## WHAT IS REQUIRED:
Every line in the data below that has the word "subrr" should be returned.

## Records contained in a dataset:
::::::::::

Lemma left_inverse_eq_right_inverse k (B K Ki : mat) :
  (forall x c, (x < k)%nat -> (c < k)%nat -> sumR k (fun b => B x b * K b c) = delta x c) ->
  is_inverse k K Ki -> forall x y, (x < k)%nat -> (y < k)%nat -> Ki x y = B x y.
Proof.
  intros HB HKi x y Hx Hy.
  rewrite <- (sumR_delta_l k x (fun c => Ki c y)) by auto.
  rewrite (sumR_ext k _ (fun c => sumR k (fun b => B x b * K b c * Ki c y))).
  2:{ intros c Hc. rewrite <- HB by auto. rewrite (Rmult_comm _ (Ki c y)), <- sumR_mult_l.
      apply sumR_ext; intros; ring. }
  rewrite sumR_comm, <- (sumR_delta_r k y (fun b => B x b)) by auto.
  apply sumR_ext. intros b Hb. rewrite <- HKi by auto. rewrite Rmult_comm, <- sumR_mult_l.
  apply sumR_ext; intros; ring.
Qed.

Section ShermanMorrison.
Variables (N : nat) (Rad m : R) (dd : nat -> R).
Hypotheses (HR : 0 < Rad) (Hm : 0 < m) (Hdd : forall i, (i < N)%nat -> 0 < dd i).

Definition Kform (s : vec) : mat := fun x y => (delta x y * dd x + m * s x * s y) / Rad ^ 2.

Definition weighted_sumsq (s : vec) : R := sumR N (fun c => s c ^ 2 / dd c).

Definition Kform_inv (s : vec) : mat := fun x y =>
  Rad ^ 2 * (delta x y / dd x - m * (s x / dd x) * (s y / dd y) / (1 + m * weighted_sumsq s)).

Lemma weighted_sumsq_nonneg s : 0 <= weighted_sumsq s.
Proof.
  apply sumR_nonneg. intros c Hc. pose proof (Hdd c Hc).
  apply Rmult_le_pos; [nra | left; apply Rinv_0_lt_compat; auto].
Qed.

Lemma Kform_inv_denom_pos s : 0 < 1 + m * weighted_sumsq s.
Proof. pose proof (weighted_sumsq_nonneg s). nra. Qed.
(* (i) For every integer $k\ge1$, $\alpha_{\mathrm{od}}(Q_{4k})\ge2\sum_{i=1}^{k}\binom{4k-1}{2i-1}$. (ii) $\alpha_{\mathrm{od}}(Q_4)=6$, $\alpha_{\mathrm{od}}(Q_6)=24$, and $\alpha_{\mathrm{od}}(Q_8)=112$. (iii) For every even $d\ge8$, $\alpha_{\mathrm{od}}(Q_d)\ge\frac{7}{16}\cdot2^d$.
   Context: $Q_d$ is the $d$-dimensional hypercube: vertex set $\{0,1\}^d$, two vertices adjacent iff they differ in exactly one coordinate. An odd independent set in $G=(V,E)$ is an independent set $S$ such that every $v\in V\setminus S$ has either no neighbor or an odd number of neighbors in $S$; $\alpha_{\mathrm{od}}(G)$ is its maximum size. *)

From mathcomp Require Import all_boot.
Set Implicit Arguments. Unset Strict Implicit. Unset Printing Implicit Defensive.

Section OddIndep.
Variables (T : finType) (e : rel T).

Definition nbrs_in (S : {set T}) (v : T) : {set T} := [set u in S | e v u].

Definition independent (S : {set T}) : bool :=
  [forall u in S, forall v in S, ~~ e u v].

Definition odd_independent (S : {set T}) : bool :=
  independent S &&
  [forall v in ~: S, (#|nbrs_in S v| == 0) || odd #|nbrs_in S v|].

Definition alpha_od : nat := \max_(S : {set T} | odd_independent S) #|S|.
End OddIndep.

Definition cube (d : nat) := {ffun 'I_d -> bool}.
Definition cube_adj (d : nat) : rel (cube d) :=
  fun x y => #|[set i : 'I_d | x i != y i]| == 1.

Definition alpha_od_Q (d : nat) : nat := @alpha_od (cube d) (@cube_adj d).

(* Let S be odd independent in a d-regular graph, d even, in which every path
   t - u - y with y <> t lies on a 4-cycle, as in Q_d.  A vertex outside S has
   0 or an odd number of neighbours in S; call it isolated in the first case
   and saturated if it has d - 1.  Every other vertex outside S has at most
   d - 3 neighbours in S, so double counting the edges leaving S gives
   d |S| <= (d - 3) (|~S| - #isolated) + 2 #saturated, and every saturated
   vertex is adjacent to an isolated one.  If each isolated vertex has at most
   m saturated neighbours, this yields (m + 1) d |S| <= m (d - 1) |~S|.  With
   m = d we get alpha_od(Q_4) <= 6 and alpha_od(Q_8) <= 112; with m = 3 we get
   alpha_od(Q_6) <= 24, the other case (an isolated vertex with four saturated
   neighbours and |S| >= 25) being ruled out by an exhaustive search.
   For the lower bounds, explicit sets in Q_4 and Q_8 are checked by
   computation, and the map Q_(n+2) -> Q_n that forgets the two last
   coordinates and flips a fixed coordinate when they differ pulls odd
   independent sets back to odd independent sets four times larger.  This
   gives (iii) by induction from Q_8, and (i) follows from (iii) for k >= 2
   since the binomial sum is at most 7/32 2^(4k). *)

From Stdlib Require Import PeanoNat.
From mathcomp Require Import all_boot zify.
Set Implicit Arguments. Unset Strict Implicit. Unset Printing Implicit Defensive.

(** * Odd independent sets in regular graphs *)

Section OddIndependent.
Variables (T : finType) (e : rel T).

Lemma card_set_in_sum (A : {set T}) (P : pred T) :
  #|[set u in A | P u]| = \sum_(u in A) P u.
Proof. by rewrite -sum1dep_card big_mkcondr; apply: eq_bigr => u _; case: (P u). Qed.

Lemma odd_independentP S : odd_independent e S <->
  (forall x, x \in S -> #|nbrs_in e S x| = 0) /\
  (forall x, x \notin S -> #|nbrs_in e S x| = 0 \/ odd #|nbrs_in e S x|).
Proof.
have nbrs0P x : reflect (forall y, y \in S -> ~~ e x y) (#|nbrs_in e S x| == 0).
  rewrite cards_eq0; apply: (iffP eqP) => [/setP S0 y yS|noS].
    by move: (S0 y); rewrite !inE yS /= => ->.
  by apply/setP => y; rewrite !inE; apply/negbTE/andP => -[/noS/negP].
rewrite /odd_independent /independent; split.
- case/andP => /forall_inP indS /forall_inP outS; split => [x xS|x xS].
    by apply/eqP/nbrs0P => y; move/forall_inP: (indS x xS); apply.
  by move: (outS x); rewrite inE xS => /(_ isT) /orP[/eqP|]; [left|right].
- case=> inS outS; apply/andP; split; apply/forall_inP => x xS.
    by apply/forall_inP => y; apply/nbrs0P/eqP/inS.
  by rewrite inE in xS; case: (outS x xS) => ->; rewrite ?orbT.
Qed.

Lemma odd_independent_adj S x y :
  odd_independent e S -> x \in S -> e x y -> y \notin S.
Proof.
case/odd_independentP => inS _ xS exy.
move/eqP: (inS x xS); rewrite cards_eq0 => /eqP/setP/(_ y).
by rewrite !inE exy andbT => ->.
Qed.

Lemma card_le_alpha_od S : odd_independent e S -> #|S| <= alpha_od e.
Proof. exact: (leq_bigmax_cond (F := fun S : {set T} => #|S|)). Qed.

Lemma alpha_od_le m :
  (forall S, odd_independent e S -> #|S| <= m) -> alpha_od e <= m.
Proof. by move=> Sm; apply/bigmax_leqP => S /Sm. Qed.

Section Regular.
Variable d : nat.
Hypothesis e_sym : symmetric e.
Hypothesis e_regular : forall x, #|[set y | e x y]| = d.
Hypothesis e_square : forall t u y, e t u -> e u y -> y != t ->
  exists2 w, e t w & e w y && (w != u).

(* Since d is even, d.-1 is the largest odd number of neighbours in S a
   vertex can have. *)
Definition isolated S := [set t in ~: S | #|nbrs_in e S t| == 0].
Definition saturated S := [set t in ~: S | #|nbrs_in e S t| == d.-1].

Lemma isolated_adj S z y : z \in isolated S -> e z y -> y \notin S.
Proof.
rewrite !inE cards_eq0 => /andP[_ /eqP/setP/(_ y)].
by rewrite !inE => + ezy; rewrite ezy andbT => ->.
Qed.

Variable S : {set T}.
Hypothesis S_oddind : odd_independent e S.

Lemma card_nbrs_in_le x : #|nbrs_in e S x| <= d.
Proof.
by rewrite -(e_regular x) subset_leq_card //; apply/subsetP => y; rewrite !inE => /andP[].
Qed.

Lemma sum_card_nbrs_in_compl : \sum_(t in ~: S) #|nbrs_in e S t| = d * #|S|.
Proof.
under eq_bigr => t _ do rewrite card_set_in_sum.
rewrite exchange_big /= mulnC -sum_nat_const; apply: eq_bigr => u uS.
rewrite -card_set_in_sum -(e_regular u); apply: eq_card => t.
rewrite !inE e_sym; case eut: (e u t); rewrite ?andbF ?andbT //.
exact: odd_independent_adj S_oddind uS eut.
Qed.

::::::::::

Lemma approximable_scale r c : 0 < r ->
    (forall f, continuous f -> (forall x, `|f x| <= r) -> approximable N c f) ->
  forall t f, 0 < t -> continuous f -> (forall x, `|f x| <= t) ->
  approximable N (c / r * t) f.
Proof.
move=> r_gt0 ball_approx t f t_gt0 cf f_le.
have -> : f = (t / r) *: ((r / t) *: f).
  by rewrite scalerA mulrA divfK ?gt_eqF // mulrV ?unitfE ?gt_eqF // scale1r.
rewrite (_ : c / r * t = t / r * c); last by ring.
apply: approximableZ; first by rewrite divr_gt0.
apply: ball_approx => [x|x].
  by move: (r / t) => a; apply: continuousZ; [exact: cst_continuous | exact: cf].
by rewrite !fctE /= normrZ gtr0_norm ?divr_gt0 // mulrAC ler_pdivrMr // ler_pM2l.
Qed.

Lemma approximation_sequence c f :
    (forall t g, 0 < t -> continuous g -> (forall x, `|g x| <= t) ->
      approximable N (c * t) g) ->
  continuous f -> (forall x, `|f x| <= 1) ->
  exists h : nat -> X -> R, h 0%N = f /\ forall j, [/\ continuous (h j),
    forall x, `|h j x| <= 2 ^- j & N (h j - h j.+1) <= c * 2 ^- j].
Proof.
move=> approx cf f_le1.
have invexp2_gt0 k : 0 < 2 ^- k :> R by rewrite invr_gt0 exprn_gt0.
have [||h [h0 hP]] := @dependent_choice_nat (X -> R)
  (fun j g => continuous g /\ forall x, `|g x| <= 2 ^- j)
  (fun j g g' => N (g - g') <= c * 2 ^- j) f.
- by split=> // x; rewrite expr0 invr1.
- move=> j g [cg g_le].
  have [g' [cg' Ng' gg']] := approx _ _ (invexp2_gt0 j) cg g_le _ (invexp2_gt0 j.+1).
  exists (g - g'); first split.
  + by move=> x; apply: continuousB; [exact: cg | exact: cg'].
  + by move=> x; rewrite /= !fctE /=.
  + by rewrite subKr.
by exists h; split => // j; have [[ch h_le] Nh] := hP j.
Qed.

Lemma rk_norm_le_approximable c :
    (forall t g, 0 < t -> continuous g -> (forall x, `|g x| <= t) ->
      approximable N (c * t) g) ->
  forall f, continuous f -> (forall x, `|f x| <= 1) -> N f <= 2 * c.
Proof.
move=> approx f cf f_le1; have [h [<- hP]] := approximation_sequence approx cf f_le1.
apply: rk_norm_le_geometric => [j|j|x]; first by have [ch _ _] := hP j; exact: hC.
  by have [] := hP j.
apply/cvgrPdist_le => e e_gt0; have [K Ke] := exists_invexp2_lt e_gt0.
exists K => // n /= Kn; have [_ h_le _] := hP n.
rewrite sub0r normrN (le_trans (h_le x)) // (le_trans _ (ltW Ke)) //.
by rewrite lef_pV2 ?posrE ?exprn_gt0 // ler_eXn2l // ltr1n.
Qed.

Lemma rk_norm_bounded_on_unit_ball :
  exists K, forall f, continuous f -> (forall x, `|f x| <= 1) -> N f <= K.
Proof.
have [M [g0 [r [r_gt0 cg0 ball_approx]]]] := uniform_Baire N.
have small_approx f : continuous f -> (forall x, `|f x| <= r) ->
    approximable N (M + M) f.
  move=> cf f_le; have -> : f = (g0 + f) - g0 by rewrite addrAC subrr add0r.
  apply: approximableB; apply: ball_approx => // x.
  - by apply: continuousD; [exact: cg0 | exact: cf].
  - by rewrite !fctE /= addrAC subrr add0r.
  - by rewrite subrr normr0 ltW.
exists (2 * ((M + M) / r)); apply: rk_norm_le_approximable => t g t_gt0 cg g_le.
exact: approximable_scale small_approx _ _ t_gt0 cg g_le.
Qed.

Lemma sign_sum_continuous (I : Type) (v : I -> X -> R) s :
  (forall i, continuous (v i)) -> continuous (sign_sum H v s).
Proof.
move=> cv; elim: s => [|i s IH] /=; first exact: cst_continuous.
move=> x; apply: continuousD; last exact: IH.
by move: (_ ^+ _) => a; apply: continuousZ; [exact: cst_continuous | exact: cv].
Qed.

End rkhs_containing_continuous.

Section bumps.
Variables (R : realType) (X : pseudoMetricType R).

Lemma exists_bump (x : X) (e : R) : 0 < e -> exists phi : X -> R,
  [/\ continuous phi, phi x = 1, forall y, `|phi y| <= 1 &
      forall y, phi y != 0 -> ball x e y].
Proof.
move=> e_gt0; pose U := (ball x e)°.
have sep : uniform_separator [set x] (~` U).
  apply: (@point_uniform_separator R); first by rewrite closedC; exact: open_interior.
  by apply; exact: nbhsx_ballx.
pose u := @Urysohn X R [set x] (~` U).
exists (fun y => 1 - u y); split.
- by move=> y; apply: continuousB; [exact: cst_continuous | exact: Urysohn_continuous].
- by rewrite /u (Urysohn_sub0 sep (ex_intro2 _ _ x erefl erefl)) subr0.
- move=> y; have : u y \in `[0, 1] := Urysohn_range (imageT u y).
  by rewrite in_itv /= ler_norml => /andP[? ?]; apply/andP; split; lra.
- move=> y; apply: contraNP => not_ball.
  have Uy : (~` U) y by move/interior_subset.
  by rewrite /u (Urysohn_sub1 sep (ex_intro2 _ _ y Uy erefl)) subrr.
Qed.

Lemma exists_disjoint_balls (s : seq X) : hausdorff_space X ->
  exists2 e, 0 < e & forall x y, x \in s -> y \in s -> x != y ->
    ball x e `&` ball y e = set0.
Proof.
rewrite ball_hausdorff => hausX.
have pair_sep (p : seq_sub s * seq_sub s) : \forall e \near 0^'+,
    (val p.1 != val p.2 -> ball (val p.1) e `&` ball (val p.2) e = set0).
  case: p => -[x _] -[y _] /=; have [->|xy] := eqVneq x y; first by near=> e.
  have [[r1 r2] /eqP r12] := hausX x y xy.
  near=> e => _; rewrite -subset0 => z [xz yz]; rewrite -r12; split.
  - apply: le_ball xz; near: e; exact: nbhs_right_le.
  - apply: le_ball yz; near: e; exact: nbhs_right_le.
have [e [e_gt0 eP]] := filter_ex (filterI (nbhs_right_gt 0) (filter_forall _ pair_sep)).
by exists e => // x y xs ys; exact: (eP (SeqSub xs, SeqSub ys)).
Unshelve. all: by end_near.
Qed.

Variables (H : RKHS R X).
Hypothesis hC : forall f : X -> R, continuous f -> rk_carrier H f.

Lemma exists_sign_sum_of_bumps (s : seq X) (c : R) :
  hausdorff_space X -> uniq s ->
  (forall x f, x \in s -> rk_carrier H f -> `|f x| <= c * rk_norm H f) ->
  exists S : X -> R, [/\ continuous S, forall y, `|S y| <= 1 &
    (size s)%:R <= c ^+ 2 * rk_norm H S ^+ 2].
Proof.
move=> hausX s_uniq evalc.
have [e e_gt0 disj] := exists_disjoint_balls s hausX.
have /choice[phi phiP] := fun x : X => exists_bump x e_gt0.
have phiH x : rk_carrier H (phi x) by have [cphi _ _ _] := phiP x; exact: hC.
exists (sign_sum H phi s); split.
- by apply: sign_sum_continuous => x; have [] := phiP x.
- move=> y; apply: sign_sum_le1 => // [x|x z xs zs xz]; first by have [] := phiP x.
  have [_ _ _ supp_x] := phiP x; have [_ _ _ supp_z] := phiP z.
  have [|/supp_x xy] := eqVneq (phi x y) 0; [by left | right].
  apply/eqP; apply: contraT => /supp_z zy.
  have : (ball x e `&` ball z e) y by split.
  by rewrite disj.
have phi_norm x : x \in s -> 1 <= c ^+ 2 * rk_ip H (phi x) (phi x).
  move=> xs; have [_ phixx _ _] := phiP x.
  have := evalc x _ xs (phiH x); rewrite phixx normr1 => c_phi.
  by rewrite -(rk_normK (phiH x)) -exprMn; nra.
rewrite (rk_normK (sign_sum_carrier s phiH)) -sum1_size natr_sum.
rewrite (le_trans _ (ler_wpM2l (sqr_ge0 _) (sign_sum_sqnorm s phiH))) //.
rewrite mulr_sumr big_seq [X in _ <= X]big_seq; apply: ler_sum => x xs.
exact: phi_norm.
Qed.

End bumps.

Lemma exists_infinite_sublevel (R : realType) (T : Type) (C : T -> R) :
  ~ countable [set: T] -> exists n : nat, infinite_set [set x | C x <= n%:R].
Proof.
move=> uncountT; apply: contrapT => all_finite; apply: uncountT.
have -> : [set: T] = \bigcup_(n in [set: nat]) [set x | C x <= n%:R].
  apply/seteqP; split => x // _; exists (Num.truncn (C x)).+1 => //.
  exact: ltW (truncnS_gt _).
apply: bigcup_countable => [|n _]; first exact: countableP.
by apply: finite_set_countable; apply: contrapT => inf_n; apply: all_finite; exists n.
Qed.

::::::::::

## RESULT FOR THIS EXERCISE:
  move=> cf f_le; have -> : f = (g0 + f) - g0 by rewrite addrAC subrr add0r.
  - by rewrite !fctE /= addrAC subrr add0r.
  - by rewrite subrr normr0 ltW.
  by rewrite /u (Urysohn_sub1 sep (ex_intro2 _ _ y Uy erefl)) subrr.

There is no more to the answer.